WORK INSTRUCTIONS —
Copy out each line of the listing that has the word "Local" in it.

>>>

Lemma scmx1 n m (x : 'M[V]_(n, m)) : scmx 1%:M x 1%:M = x.
Proof.
apply/matrixP => i j; rewrite mxE (bigD1 i) //= (bigD1 j) //= !mxE !eqxx mul1r scale1r.
rewrite big1 => [|l lj]; last by rewrite !mxE (negbTE lj) mulr0 scale0r.
rewrite addr0 big1 ?addr0 // => k ki.
by apply: big1 => l _; rewrite !mxE eq_sym (negbTE ki) mul0r scale0r.
Qed.

Lemma scmx0l p n m q (x : 'M[V]_(n, m)) (be : 'M[C]_(m, q)) : scmx (0 : 'M_(p, n)) x be = 0.
Proof.
apply/matrixP => i j; rewrite !mxE big1 // => k _.
by apply: big1 => l _; rewrite mxE mul0r scale0r.
Qed.

Lemma scmx0r p n m q (al : 'M[C]_(p, n)) (x : 'M[V]_(n, m)) : scmx al x (0 : 'M_(m, q)) = 0.
Proof.
apply/matrixP => i j; rewrite !mxE big1 // => k _.
by apply: big1 => l _; rewrite mxE mulr0 scale0r.
Qed.

Lemma scmx_col_mxl p1 p2 n m q (al1 : 'M[C]_(p1, n)) (al2 : 'M[C]_(p2, n))
    (x : 'M[V]_(n, m)) (be : 'M[C]_(m, q)) :
  scmx (col_mx al1 al2) x be = col_mx (scmx al1 x be) (scmx al2 x be).
Proof.
rewrite -[LHS]vsubmxK; congr col_mx; apply/matrixP => i j; rewrite !mxE;
  by apply: eq_bigr => k _; apply: eq_bigr => l _; rewrite ?col_mxEu ?col_mxEd.
Qed.

Lemma scmx_row_mxr p n m q1 q2 (al : 'M[C]_(p, n)) (x : 'M[V]_(n, m))
    (be1 : 'M[C]_(m, q1)) (be2 : 'M[C]_(m, q2)) :
  scmx al x (row_mx be1 be2) = row_mx (scmx al x be1) (scmx al x be2).
Proof.
rewrite -[LHS]hsubmxK; congr row_mx; apply/matrixP => i j; rewrite !mxE;
  by apply: eq_bigr => k _; apply: eq_bigr => l _; rewrite ?row_mxEl ?row_mxEr.
Qed.

Lemma scmx_row_mxl p n1 n2 m q (al1 : 'M[C]_(p, n1)) (al2 : 'M[C]_(p, n2))
    (x : 'M[V]_(n1 + n2, m)) (be : 'M[C]_(m, q)) :
  scmx (row_mx al1 al2) x be = scmx al1 (usubmx x) be + scmx al2 (dsubmx x) be.
Proof.
apply/matrixP => i j; rewrite !mxE big_split_ord /=.
by congr (_ + _); apply: eq_bigr => k _; apply: eq_bigr => l _;
  rewrite ?row_mxEl ?row_mxEr !mxE.
Qed.

Lemma scmx_col_mxr p n m1 m2 q (al : 'M[C]_(p, n)) (x : 'M[V]_(n, m1 + m2))
    (be1 : 'M[C]_(m1, q)) (be2 : 'M[C]_(m2, q)) :
  scmx al x (col_mx be1 be2) = scmx al (lsubmx x) be1 + scmx al (rsubmx x) be2.
Proof.
apply/matrixP => i j; rewrite !mxE -big_split /=; apply: eq_bigr => k _.
by rewrite big_split_ord /=; congr (_ + _); apply: eq_bigr => l _;
  rewrite ?col_mxEu ?col_mxEd !mxE.
Qed.

Lemma block_mx_ur_scmx n1 n2 m1 m2 (y : 'M[V]_(n1, m2)) :
  block_mx 0 y 0 0 = scmx (col_mx 1%:M 0) y (row_mx 0 1%:M) :> 'M_(n1 + n2, m1 + m2).
Proof. by rewrite scmx_col_mxl !scmx_row_mxr !scmx0l scmx0r scmx1. Qed.

Lemma ursubmx_scmx n1 n2 m1 m2 (x : 'M[V]_(n1 + n2, m1 + m2)) :
  ursubmx x = scmx (row_mx 1%:M 0) x (col_mx 0 1%:M).
Proof. by rewrite scmx_row_mxl scmx0l addr0 scmx_col_mxr scmx0r add0r scmx1. Qed.
End ScaledMatrices.

Section Contractions.
Context {R : realType}.
Local Notation C := (R[i]).

Lemma vnorm_ge0 n (v : 'cV[C]_n) : 0 <= vnorm v.
Proof. exact: sqrtr_ge0. Qed.

Lemma vnorm_col_mx n1 n2 (u : 'cV[C]_n1) (w : 'cV[C]_n2) :
  vnorm (col_mx u w) = Num.sqrt (vnorm u ^+ 2 + vnorm w ^+ 2).
Proof.
rewrite /vnorm big_split_ord !sqr_sqrtr ?sumr_ge0 // => [|i _|i _]; rewrite ?sqr_ge0 //.
by congr (Num.sqrt (_ + _)); apply: eq_bigr => i _; rewrite ?col_mxEu ?col_mxEd.
Qed.
(* Let $(w_{ij})_{i,j=1}^N$ be a nonnegative weight matrix with $w_{ii}=0$ defining a strongly connected directed graph on $N=N_{\mathrm{G}}+N_{\mathrm{R}}$ vertices, each vertex colored green or red with $N_{\mathrm{G}}$ green and $N_{\mathrm{R}}$ red vertices. Assume: (i) $w_{ij}=0$ whenever $i,j$ have the same color; (ii) every green vertex has in-degree $\sum_j w_{ji}=w^{\mathrm{in}}_{\mathrm{G}}$ and out-degree $\sum_j w_{ij}=w^{\mathrm{out}}_{\mathrm{G}}$, and every red vertex has in-degree $w^{\mathrm{in}}_{\mathrm{R}}$ and out-degree $w^{\mathrm{out}}_{\mathrm{R}}$, all positive; (iii) for every green $i$ and red $j$, $w_{ji}=\frac{w^{\mathrm{in}}_{\mathrm{G}}}{w^{\mathrm{out}}_{\mathrm{G}}}\,w_{ij}$. Let $a_{\mathrm{G}},a_{\mathrm{R}},b_{\mathrm{G}},b_{\mathrm{R}}>0$ and set $$\zeta_{\mathrm{G}}=\frac{b_{\mathrm{R}}w^{\mathrm{in}}_{\mathrm{G}}(a_{\mathrm{R}}w^{\mathrm{out}}_{\mathrm{R}}+b_{\mathrm{G}}w^{\mathrm{in}}_{\mathrm{R}})}{a_{\mathrm{R}}w^{\mathrm{out}}_{\mathrm{R}}(a_{\mathrm{G}}w^{\mathrm{out}}_{\mathrm{G}}+b_{\mathrm{R}}w^{\mathrm{in}}_{\mathrm{G}})},\qquad \zeta_{\mathrm{R}}=\frac{b_{\mathrm{G}}w^{\mathrm{in}}_{\mathrm{R}}(a_{\mathrm{G}}w^{\mathrm{out}}_{\mathrm{G}}+b_{\mathrm{R}}w^{\mathrm{in}}_{\mathrm{G}})}{a_{\mathrm{G}}w^{\mathrm{out}}_{\mathrm{G}}(a_{\mathrm{R}}w^{\mathrm{out}}_{\mathrm{R}}+b_{\mathrm{G}}w^{\mathrm{in}}_{\mathrm{R}})},$$ and for a state $\mathbf{x}\in\{0,1\}^N$ let $\zeta_i=\zeta_{\mathrm{G}}$ if $i$ is green and $\zeta_i=\zeta_{\mathrm{R}}$ if $i$ is red. Then $\prod_i\zeta_i^{X_n(i)}$ is a martingale for the process $X_n$, and, provided $\zeta_{\mathrm{G}}^{N_{\mathrm{G}}}\zeta_{\mathrm{R}}^{N_{\mathrm{R}}}\neq1$, the fixation probability of $A$ from initial state $\mathbf{x}$ is $$\rho_A(\mathbf{x})=\frac{1-\prod_{i=1}^N\zeta_i^{x_i}}{1-\zeta_{\mathrm{G}}^{N_{\mathrm{G}}}\zeta_{\mathrm{R}}^{N_{\mathrm{R}}}}.$$ In particular the mean fixation probability of a single $A$ at a uniformly random vertex is $$\rho_A=\frac{1-\frac1N\left(N_{\mathrm{G}}\zeta_{\mathrm{G}}+N_{\mathrm{R}}\zeta_{\mathrm{R}}\right)}{1-\zeta_{\mathrm{G}}^{N_{\mathrm{G}}}\zeta_{\mathrm{R}}^{N_{\mathrm{R}}}}.$$
   Context: States are $\mathbf{x}\in\{0,1\}^N$, with $x_i=1$ meaning vertex $i$ holds type $A$ and $x_i=0$ type $B$. The fitness of the occupant of vertex $j$ is $a_j$ if it is type $A$ and $b_j$ if type $B$, where $a_j=a_{\mathrm{G}},b_j=b_{\mathrm{G}}$ if $j$ is green and $a_j=a_{\mathrm{R}},b_j=b_{\mathrm{R}}$ if $j$ is red. Weighted Moran process: in each step, an ordered pair $(j,i)$ is chosen with probability proportional to $f_j w_{ji}$, where $f_j$ is the fitness of the occupant of $j$ (normalized by $\sum_{j,k}f_j w_{jk}$), and the occupant of $i$ is replaced by an offspring of the type of the occupant of $j$. $X_n$ denotes the state at time $n$. Fixation of $A$ means absorption in the all-ones state. *)

From HB Require Import structures.
From mathcomp Require Import all_boot all_order all_algebra.
From mathcomp Require Import all_classical all_reals all_analysis.
Set Implicit Arguments.
Unset Strict Implicit.
Unset Printing Implicit Defensive.
Import Order.TTheory GRing.Theory Num.Theory.
Local Open Scope ring_scope.

(* States x in {0,1}^N : x i = true means vertex i holds type A. *)
Definition state (N : nat) := {ffun 'I_N -> bool}.

Definition all_ones (N : nat) : state N := [ffun => true].

Definition single_A (N : nat) (i : 'I_N) : state N := [ffun k => k == i].
(* lambda is an eigenvalue of multiplicity exactly 1, i.e. a simple zero of the
   analytic function chi_q: chi_q(lambda) = 0 and chi_q'(lambda) <> 0
   (complex derivative). *)
Definition simple_eigenvalue (r p tau q : R) (l : C) : Prop :=
  eigenvalue r p tau q l /\
  exists d : C, @is_derive C_AbsRing C_NormedModule (chi r p tau q) l d /\ d <> RtoC 0.

Definition linearly_stable (r p tau q : R) : Prop :=
  forall l : C, eigenvalue r p tau q l -> l <> RtoC 0 -> Re l < 0.

Definition linearly_unstable (r p tau q : R) : Prop :=
  exists l : C, eigenvalue r p tau q l /\ Re l > 0.

From Stdlib Require Import Reals Lra Psatz.
From Coquelicot Require Import Coquelicot.
Open Scope R_scope.

(* Besides 0, the eigenvalues are the roots of
   chi_factor(l) = l + 1 - a (1 - eps e^(-tau l)),  a = r (1 - q).
   For Re w >= 0 one has |1 - e^(-w)| <= |w|, so a root l with Re l >= 0 satisfies
   |l + c| <= |a| eps tau |l|, where c = 1 - a (1 - eps) has the sign of q - q_c.
   For q >= q_c, c >= 0: if a > 0, eps (1 + tau) < 1 gives a eps tau < 1, so l = 0;
   if a <= 0, the real part of the root equation already has the wrong sign.
   For q < q_c, chi_factor has a real root x_s > 0; convexity of chi_factor on the
   real axis excludes roots with 0 <= Re l < x_s, and the same contraction estimate
   centred at x_s leaves x_s as the only root with Re l >= x_s.  Simplicity of 0 and
   of x_s is read off from chi'(0) = c and chi'(x_s) = x_s (1 - a eps tau e^(-tau x_s)). *)

Lemma exp_neg_le_1 z : 0 <= z -> exp (- z) <= 1.
Proof.
  intros Hz. rewrite <- exp_0. destruct (Req_dec z 0) as [->|Hz0].
  - rewrite Ropp_0; lra.
  - left. apply exp_increasing; lra.
Qed.

Lemma exp_convex a b t : 0 <= t <= 1 ->
  exp ((1 - t) * a + t * b) <= (1 - t) * exp a + t * exp b.
Proof.
  intros Ht. set (m := (1 - t) * a + t * b).
  assert (Hsplit : forall z, exp z = exp m * exp (z - m))
    by (intros z; rewrite <- exp_plus; f_equal; ring).
  rewrite (Hsplit a), (Hsplit b).
  pose proof (exp_ineq1_le (a - m)). pose proof (exp_ineq1_le (b - m)).
  assert (Hmean : (1 - t) * (1 + (a - m)) + t * (1 + (b - m)) = 1) by (unfold m; ring).
  assert (1 <= (1 - t) * exp (a - m) + t * exp (b - m)) by nra.
  pose proof (exp_pos m). nra.
Qed.
(* Let $G$ be a finite group and $p$ a prime. Let $\mathcal X^c$ be the set of $G$-conjugacy classes of $p$-selfcentralizing $p$-subgroups of $G$; sums $\sum_{[H]},\sum_{[K]}$ run over $\mathcal X^c$ and sums $\sum_H$ over $p$-selfcentralizing $p$-subgroups $H$. Then the following give, for each category, a weighting $k^{[H]}$ on $\mathcal X^c$, a coweighting $k_K$ on objects, and the Euler characteristic: (i) $\mathcal T^c_G$: $k^{[H]}=\sum_{[K]}[\mu]([H],[K])$, $k_K=|G|^{-1}\sum_H\mu(H,K)$, $\chi=\sum_{[H],[K]}[\mu]([H],[K])$; (ii) $\mathcal L^c_G$: $k^{[H]}=\sum_{[K]}[\mu]([H],[K])|C_G(K)|_{p'}$, $k_K=|G|^{-1}|C_G(K)|_{p'}\sum_H\mu(H,K)$, $\chi=\sum_{[H],[K]}[\mu]([H],[K])|C_G(K)|_{p'}$; (iii) $\mathcal F^c_G$: $k^{[H]}=\sum_{[K]}[\mu]([H],[K])|C_G(K)|$, $k_K=|G|^{-1}|C_G(K)|\sum_H\mu(H,K)$, $\chi=\sum_{[H],[K]}[\mu]([H],[K])|C_G(K)|$; (iv) $\mathcal O^c_G$: $k^{[H]}=|H|\sum_{[K]}[\mu]([H],[K])$, $k_K=|G|^{-1}\sum_H|H|\mu(H,K)$, $\chi=\sum_{[H],[K]}|H|[\mu]([H],[K])$; (v) $\widetilde{\mathcal F}^c_G$: $k^{[H]}=|H|\sum_{[K]}[\mu]([H],[K])|C_G(K)|_{p'}$, $k_K=|G|^{-1}|C_G(K)|_{p'}\sum_H|H|\mu(H,K)$, $\chi=\sum_{[H],[K]}|H|[\mu]([H],[K])|C_G(K)|_{p'}$.
   Context: A $p$-subgroup $H\le G$ is $p$-selfcentralizing if $Z(H)=C_H(H)$ is a Sylow $p$-subgroup of $C_G(H)$. $N_G(H,K)=\{g\in G:g^{-1}Hg\le K\}$; $O^p(X)$ is the smallest normal subgroup of $X$ with $p$-group quotient; $n_{p'}$ is the largest divisor of $n$ prime to $p$. The categories $\mathcal T^c_G,\mathcal L^c_G,\mathcal F^c_G,\mathcal O^c_G,\widetilde{\mathcal F}^c_G$ have as objects the $p$-selfcentralizing $p$-subgroups of $G$, with morphisms $N_G(H,K)$, $O^p(C_G(H))\backslash N_G(H,K)$, $C_G(H)\backslash N_G(H,K)$, $N_G(H,K)/K$, $C_G(H)\backslash N_G(H,K)/K$ respectively, composition induced by multiplication. For such $\mathcal C$, $|\mathcal C(H,K)|$ depends only on conjugacy classes; a weighting on $\mathcal X^c$ is a function $k^{[\bullet]}$ with $\sum_{[K]\in\mathcal X^c}|\mathcal C(H,K)|k^{[K]}=1$ for every object $H$; a coweighting is $k_\bullet:\mathrm{Ob}(\mathcal C)\to\mathbb Q$ with $\sum_Hk_H|\mathcal C(H,K)|=1$ for every object $K$; $\chi$ is Leinster's Euler characteristic (sum of the values of a weighting or coweighting of $\mathcal C$, when both exist). $\mu(H,K)$ is the Möbius function of the poset of all subgroups of $G$, and $[\mu]([H],[K])=|N_G(H)|^{-1}\sum_{L\in[K]}\mu(H,L)$, $[K]$ the set of $G$-conjugates of $K$. *)

From mathcomp Require Import all_boot all_order all_algebra all_fingroup all_solvable.
Set Implicit Arguments. Unset Strict Implicit. Unset Printing Implicit Defensive.
Import GRing.Theory Num.Theory.

Local Open Scope group_scope.

Section Defs.
Variable gT : finGroupType.
Implicit Types (G X H K : {set gT}) (p : nat).

Definition Op_res p X : {set gT} :=
  \bigcap_(N : {group gT} | (N <| X) && p.-group (X / N)) (N : {set gT}).

Definition psc_obj p G H : bool :=
  [&& group_set H, H \subset G, p.-group H & p.-Sylow('C_G(H)) 'Z(H)].

Definition objs p G : {set {set gT}} := [set H | psc_obj p G H].

Definition Xc p G : {set {set {set gT}}} := [set H :^: G | H in objs p G].

Definition NGHK G H K : {set gT} := [set g in G | H :^ g \subset K].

<<<

EXERCISE RESPONSE —
Local Notation C := (R[i]).
Local Open Scope ring_scope.
Local Open Scope group_scope.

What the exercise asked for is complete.